Japan’s headline inflation reached a four-decade high in February as the economic recovery continued amid supportive monetary and fiscal policies and a surge in tourism. While lower energy prices reduced inflation in recent months, underlying momentum in core prices, which exclude fresh food and energy, has also strengthened further, reaching a four-decade high of 4.1 percent in April.
Rapid price gains are rarely desirable, but Japan is an exception after bouts of deflation since the late 1980s and early 1990s. Now, there are three reasons for hope that the world’s third-largest economy is at a turning point and that the Bank of Japan may finally be able to sustain inflation around its 2 percent target:
While inflation was initially triggered by the global energy and supply-chain crisis rather than strong underlying demand, there are increasing signs that price pressures are proving to be broader and more durable.
The annual ‘shunto’ negotiations between labor unions and major companies signal agreement on larger-than-expected wage gains that better keep up with rising prices.
Business surveys show a sustained increase in inflation expectations, which is likely to influence corporate price-setting.
These factors, however, are accompanied by important caveats, which would make it difficult to sustain this inflation. The expected wage boost may not be enough as small and medium-sized enterprises that employ more than 70 percent of workers are less profitable and may not be able to afford sufficiently large pay increases.

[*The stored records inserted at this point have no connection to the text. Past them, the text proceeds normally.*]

(* The set $\{x\in V: 0\in\overline{A\cdot x}\}$ is a real algebraic subset of $V$; in particular it is closed.
   Context: Let $V$ be a finite-dimensional real vector space with a scalar product. Let $G\subset\mathrm{GL}(V)$ be a connected closed subgroup, closed under transpose, with Lie algebra $\mathfrak g$, $G=K\exp(\mathfrak p)$ with $K=G\cap\mathrm O(V)$, $\mathfrak p=\mathfrak g\cap\mathrm{Sym}(V)$. Let $\mathfrak a\subset\mathfrak p$ be an Abelian subalgebra and $A=\exp(\mathfrak a)$, acting linearly on $V$. *)

From mathcomp Require Import all_boot all_algebra all_classical all_reals all_analysis.
From mathcomp Require mpoly.
Import numFieldNormedType.Exports.
Set Implicit Arguments. Unset Strict Implicit. Unset Printing Implicit Defensive.
Local Open Scope classical_set_scope.
Local Open Scope ring_scope.

Definition expmx (R : realType) (n : nat) (M : 'M[R]_n) : 'M[R]_n :=
  limn (fun N : nat => \sum_(j < N) (j`!%:R)^-1 *: M ^+ j).

(* The subspace a of End(V) = 'M_n spanned by the family B. *)
Definition span_family (R : realType) (n k : nat) (B : 'I_k -> 'M[R]_n)
  : set 'M[R]_n :=
  [set X | exists t : 'I_k -> R, X = \sum_(i < k) t i *: B i].

Definition expgroup (R : realType) (n k : nat) (B : 'I_k -> 'M[R]_n)
  : set 'M[R]_n := (@expmx R n) @` span_family B.

Definition orbit_of (R : realType) (n k : nat) (B : 'I_k -> 'M[R]_n)
  (x : 'cV[R]_n) : set 'cV[R]_n :=
  [set g *m x | g in expgroup B].

Definition unstable_set (R : realType) (n k : nat) (B : 'I_k -> 'M[R]_n)
  : set 'cV[R]_n :=
  [set x | closure (orbit_of B x) 0].

Definition real_algebraic (R : realType) (n : nat) (S : set 'cV[R]_n) : Prop :=
  exists (m : nat) (P : 'I_m -> mpoly.mpoly n R),
    S = [set x | forall i : 'I_m, mpoly.meval (fun j => x j 0) (P i) = 0].

From mathcomp Require Import all_boot all_algebra all_classical all_reals all_analysis.
From mathcomp Require mpoly.
From mathcomp Require Import complex spectral mxred.
Import numFieldNormedType.Exports.
Import GRing.Theory Num.Theory.
Local Open Scope classical_set_scope.
Local Open Scope ring_scope.
Import (canonicals, coercions) mpoly.

(* Commuting symmetric matrices are simultaneously diagonalizable: in the
   coordinates [P x] every element of [A = exp a] acts diagonally.  If [x] is
   unstable and the support of [P y] is contained in that of [P x], then
   [y = T x] for some [T] diagonal in the same coordinates; [T] commutes with
   [A], is continuous and fixes [0], so [y] is unstable as well.  Hence the
   unstable set is the union of the linear subspaces
   [{y | supp (P y) \subset S}], where [S] runs over the finitely many
   supports of [P x] with [x] unstable; a finite union of linear subspaces is
   closed and is cut out by products of linear forms. *)

Lemma symmetric_diagonalizable (R : rcfType) n (A : 'M[R]_n) :
  A^T = A -> diagonalizable A.
Proof.
case: n A => [|n] A Asym.
  by exists 1%:M; rewrite ?unitmx1 //; apply/is_diag_mxP => -[].
pose AC := map_mx (real_complex R) A.
have AC_herm : AC \is hermsymmx.
  apply: realsym_hermsym.
    apply/is_hermitianmxP; rewrite expr0 scale1r -map_trmx.
    by apply/matrixP => i j; rewrite !mxE -[in LHS]Asym mxE.
  by apply/mxOverP => i j; rewrite mxE; apply/complex_realP; eexists.
have d_real := hermitian_spectral_diag_real AC_herm.
have /orthomx_spectralP AC_E := hermitian_normalmx AC_herm.
set P := spectralmx AC in AC_E; set d := spectral_diag AC in AC_E d_real.
(* The spectral theorem over [R[i]] gives real eigenvalues, so the minimal
   polynomial of [A] has simple real roots. *)
apply/diagonalizableP.
exists (undup [seq complex.Re (d 0 i) | i <- enum 'I_n.+1]).
  exact: undup_uniq.
rewrite -(dvdp_map (real_complex R)) -mxminpoly_map -/AC.
rewrite map_prod_XsubC AC_E -conjVmx ?spectral_unit //.
rewrite mxminpoly_uconj ?unitmx_inv ?spectral_unit // mxminpoly_diag.
rewrite -(big_map (real_complex R) xpredT (fun r => 'X - r%:P)).
rewrite -undup_map_inj; last exact: complexI.
suff -> : [seq x%:C%C | x <- [seq complex.Re (d 0 i) | i <- enum 'I_n.+1]]
    = [seq d 0 i | i <- enum 'I_n.+1] by [].
by rewrite -map_comp; apply: eq_map => i /=; exact/RRe_real/(mxOverP d_real).
Qed.

Lemma cvg_mx_entrywise (K : topologicalType) m n T (F : set_system T)
    (FF : Filter F) (u : T -> 'M[K]_(m, n)) (L : 'M[K]_(m, n)) :
  (forall i j, (fun t => u t i j) @ F --> L i j) -> u @ F --> L.
Proof.
move=> uL A /= [V VL sVA]; apply: (filterS (fun t Vt => sVA (u t) Vt)).
by apply: filter_forall => i; apply: filter_forall => j; apply: uL.
Qed.

Lemma linear_mx_continuous (K : numFieldType) m n p q
    (f : {linear 'M[K]_(m, n) -> 'M[K]_(p, q)}) :
  continuous f.
Proof.
have -> : f = (fun Y => \sum_i \sum_j Y i j *: f (delta_mx i j)) :> (_ -> _).
  apply/funext => Y; rewrite {1}[Y]matrix_sum_delta linear_sum.
  apply: eq_bigr => i _; rewrite linear_sum.
  by apply: eq_bigr => j _; rewrite linearZ.
move=> X; apply: (cvg_big add_continuous (nbhs_filter X)) => i _.
apply: (cvg_big add_continuous (nbhs_filter X)) => j _.
apply: cvgZr_tmp; exact: coord_continuous.
Qed.

Lemma continuous_closure_image (T U : topologicalType) (f : T -> U) (A : set T) :
  continuous f -> f @` closure A `<=` closure (f @` A).
Proof.
move=> f_cont _ [x Ax <-] C /f_cont /Ax [y [Ay Cy]].
by exists (f y); split => //; exists y.
Qed.

Section KernelUnion.
Context {R : realType} {I : finType} {p n : nat} (M : I -> 'M[R]_(p, n)).

Lemma real_algebraic_kernel_union :
  real_algebraic [set x : 'cV[R]_n | exists i, M i *m x = 0].
Proof.
pose row_form i j : mpoly.mpoly n R :=
  \sum_l M i j l *: mpoly.mpolyX R (mpoly.mnm1 l).
have row_formE i j (x : 'cV[R]_n) :
    mpoly.meval (fun l => x l 0) (row_form i j) = (M i *m x) j 0.
  rewrite raddf_sum mxE; apply: eq_bigr => l _.
  by rewrite /= mpoly.mevalZ mpoly.mevalXU.
(* [x] lies in the union iff every product of one row form per kernel
   vanishes at [x]. *)
pose Q (f : {ffun I -> 'I_p}) := \prod_i row_form i (f i).
exists #|{ffun I -> 'I_p}|, (fun c => Q (enum_val c)).
apply/seteqP; split => x /=.
  move=> [i Mix] c; rewrite rmorph_prod (bigD1 i) //= row_formE Mix mxE.
  by rewrite mul0r.
move=> Qx; apply: contrapT => /forallNP Mx_neq0.
have /fin_all_exists[f Mfx] i : exists j, (M i *m x) j 0 != 0.
  have /eqP/matrix0Pn[j [l]] := Mx_neq0 i.
  by rewrite (ord1 l); exists j.
have /eqP := Qx (enum_rank [ffun i => f i]); rewrite enum_rankK rmorph_prod.
by apply/negP/prodf_neq0 => i _; rewrite ffunE /= row_formE.
Qed.

Lemma closed_kernel_union : closed [set x : 'cV[R]_n | exists i, M i *m x = 0].
Proof.
have -> : [set x : 'cV[R]_n | exists i, M i *m x = 0] =
    \bigcup_(i in setT) (mulmx (M i) @^-1` [set 0]).
  by apply/seteqP; split => x; [case=> i Mix | case=> i _ Mix]; exists i.
apply: closed_bigcup => [|i _]; first exact: finite_finset.
apply: preimage_closed => [y _|]; first exact: linear_mx_continuous.
exact/accessible_closed_set1/hausdorff_accessible/norm_hausdorff.
Qed.

End KernelUnion.

Section DiagonalInBasis.
Context {R : comUnitRingType} {n : nat} (P : 'M[R]_n).
Hypothesis P_unit : P \in unitmx.

Definition diag_in (d : 'rV[R]_n) : 'M[R]_n := invmx P *m diag_mx d *m P.

Lemma diag_inM d e :
  diag_in d *m diag_in e = diag_in (\row_a (d 0 a * e 0 a)).
Proof.
rewrite /diag_in !mulmxA -(mulmxA _ P) mulmxV // mulmx1.
by rewrite -(mulmxA _ (diag_mx d)) mulmx_diag.
Qed.

Lemma diag_inC d e : diag_in d *m diag_in e = diag_in e *m diag_in d.
Proof.
by rewrite !diag_inM; congr diag_in; apply/rowP => a; rewrite !mxE mulrC.
Qed.

Lemma diag_inX d j : diag_in d ^+ j = diag_in (\row_a d 0 a ^+ j).
Proof.
elim: j => [|j IHj].
  rewrite expr0 /diag_in (_ : \row_a _ = const_mx 1); last first.
    by apply/rowP => a; rewrite !mxE.
  by rewrite diag_const_mx mulmx1 mulVmx.
rewrite exprS IHj -mulmxE diag_inM; congr diag_in.
by apply/rowP => a; rewrite !mxE exprS.
Qed.

Lemma diag_in_sumZ I (r : seq I) (c : I -> R) (F : I -> 'rV[R]_n) :
  \sum_(i <- r) c i *: diag_in (F i) = diag_in (\sum_(i <- r) c i *: F i).
Proof.
rewrite /diag_in linear_sum mulmx_sumr mulmx_suml; apply: eq_bigr => i _.
by rewrite scalemxAl scalemxAr -linearZ.
Qed.

Lemma mul_diag_in p d (x : 'M[R]_(n, p)) :
  P *m (diag_in d *m x) = diag_mx d *m (P *m x).
Proof. by rewrite /diag_in !mulmxA mulmxV // mul1mx. Qed.

End DiagonalInBasis.

Lemma expmx_diag_in (R : realType) n (P : 'M[R]_n) (d : 'rV[R]_n) :
  P \in unitmx -> expmx (diag_in P d) = diag_in P (\row_a expR (d 0 a)).
Proof.
move=> P_unit.
have partial_sumsE N : \sum_(j < N) (j`!%:R)^-1 *: diag_in P d ^+ j
    = diag_in P (\row_a series (exp_coeff (d 0 a)) N).
  under eq_bigr do rewrite diag_inX //.
  rewrite diag_in_sumZ; congr diag_in; apply/rowP => a.
  rewrite summxE mxE /series /= big_mkord; apply: eq_bigr => j _.
  by rewrite !mxE /exp_coeff /= mulrC.
have diag_in_continuous : continuous (diag_in P).
  move=> e.
  apply: (@continuous_comp _ _ _ (mulmx (invmx P) \o diag_mx) (mulmxr P)).
    by apply: continuous_comp; exact: linear_mx_continuous.
  exact: linear_mx_continuous.
apply: cvg_lim; first exact: norm_hausdorff.
under eq_cvg do rewrite partial_sumsE.
apply: continuous_cvg; first exact: diag_in_continuous.
apply: cvg_mx_entrywise => i a; rewrite !mxE; under eq_cvg do rewrite mxE.
exact: is_cvg_series_exp_coeff.
Qed.

Lemma expgroup_diag_in {R : realType} {n k} {B : 'I_k -> 'M[R]_n} :
    (forall i, (B i)^T = B i) -> (forall i j, B i *m B j = B j *m B i) ->
  exists2 P : 'M[R]_n, P \in unitmx &
    forall g, expgroup B g -> exists e, g = diag_in P e.
Proof.
move=> Bsym Bcomm.
have [P P_unit /allP PB] : codiagonalizable [seq B i | i <- enum 'I_k].
  apply/codiagonalizableP; split.
    by move=> _ _ /mapP[i _ ->] /mapP[j _ ->]; exact: Bcomm.
  by move=> _ /mapP[i _ ->]; exact: symmetric_diagonalizable.
have /fin_all_exists[d Bd] i : exists d, B i = diag_in P d.
  have /(similar_diagLR P_unit)[D ->] := PB _ (map_f B (mem_enum _ i)).
  by exists D; rewrite conjVmx.
exists P => // _ [_ [t ->] <-].
rewrite (eq_bigr _ (fun i _ => congr1 _ (Bd i))) diag_in_sumZ expmx_diag_in //.
by eexists.
Qed.

Section UnstableSet.
Context {R : realType} {n k : nat} (B : 'I_k -> 'M[R]_n) (P : 'M[R]_n).
Hypothesis P_unit : P \in unitmx.
Hypothesis expgroup_diag : forall g, expgroup B g -> exists e, g = diag_in P e.

Definition coord_supp (x : 'cV[R]_n) : {set 'I_n} := [set j | (P *m x) j 0 != 0].

Definition coord_mask (S : {set 'I_n}) : 'M[R]_n :=
  diag_mx (\row_j (j \notin S)%:R) *m P.

Lemma coord_mask_eq0 S y : coord_mask S *m y = 0 <-> coord_supp y \subset S.
Proof.
rewrite -mulmxA; split => [Sy|/fintype.subsetP Sy].
  apply/fintype.subsetP => j; rewrite inE; apply: contraR => jS.
  have /colP/(_ j) := Sy.
  by rewrite mul_diag_mx mxE [_ 0 j]mxE [RHS]mxE jS mul1r => ->.
apply/colP => j; rewrite mul_diag_mx mxE [_ 0 j]mxE [RHS]mxE.
have [/Sy ->|] := boolP (j \in coord_supp y); first by rewrite mul0r.
by rewrite inE negbK => /eqP ->; rewrite mulr0.
Qed.

Lemma unstable_set_coord_supp_mono x y : unstable_set B x ->
  coord_supp y \subset coord_supp x -> unstable_set B y.
Proof.
move=> x_unstable /fintype.subsetP yx.
pose T := diag_in P (\row_j ((P *m y) j 0 / (P *m x) j 0)).
have Tx : T *m x = y.
  rewrite -[LHS](mulKmx P_unit) -[y](mulKmx P_unit) mul_diag_in //.
  congr (_ *m _); apply/colP => j; rewrite mul_diag_mx mxE [_ 0 j]mxE.
  have [Pxj0|Pxj_neq0] := eqVneq ((P *m x) j 0) 0; last by rewrite divfK.
  (* Where [(P x)_j = 0] the ratio is [_ / 0 = 0], and [(P y)_j = 0] too. *)
  rewrite Pxj0 mulr0; apply/esym/eqP; apply: contraT => Pyj_neq0.
  by have := yx j; rewrite !inE Pxj0 eqxx => /(_ Pyj_neq0).
have T_orbit : mulmx T @` orbit_of B x `<=` orbit_of B y.
  move=> _ [_ [g Ag <-] <-]; exists g => //.
  have [e ->] := expgroup_diag g Ag.
  by rewrite mulmxA diag_inC // -mulmxA Tx.
rewrite /unstable_set /= -(mulmx0 _ T).
apply: (closureS T_orbit); apply: continuous_closure_image => //.
exact: linear_mx_continuous.
Qed.

Definition unstable_supps : {set {set 'I_n}} :=
  [set S | `[< exists2 x, unstable_set B x & coord_supp x = S >]].

Lemma unstable_set_kernel_union : unstable_set B =
  [set y | exists S : {S | S \in unstable_supps}, coord_mask (val S) *m y = 0].
Proof.
apply/seteqP; split => y /=.
  move=> y_unstable.
  have Sy : coord_supp y \in unstable_supps.
    by rewrite inE; apply/asboolP; exists y.
  by exists (exist _ (coord_supp y) Sy); apply/coord_mask_eq0.
move=> [[S /=]]; rewrite inE => /asboolP[x x_unstable <-] /coord_mask_eq0.
exact: unstable_set_coord_supp_mono.
Qed.

End UnstableSet.

Arguments unstable_set_kernel_union {R n k B P}.

Theorem mainTheorem5 (R : realType) (n k : nat) (B : 'I_k -> 'M[R]_n)
  (Bsym : forall i : 'I_k, (B i)^T = B i)
  (Bcomm : forall i j : 'I_k, B i *m B j = B j *m B i) :
  real_algebraic (unstable_set B) /\ closed (unstable_set B).
Proof.
have [P P_unit expB] := expgroup_diag_in Bsym Bcomm.
rewrite (unstable_set_kernel_union P_unit expB).
split; [exact: real_algebraic_kernel_union | exact: closed_kernel_union].
Qed.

In addition, a weakening of the global economy could strengthen the yen, making exports less competitive and potentially returning Japan to low inflation or deflation. And household surveys indicate inflation expectations remain well below 2 percent. In our latest staff report, we project inflation to remain above the 2 percent target until the end of next year, driven by the continued surge in tourism and delayed effects of yen depreciation.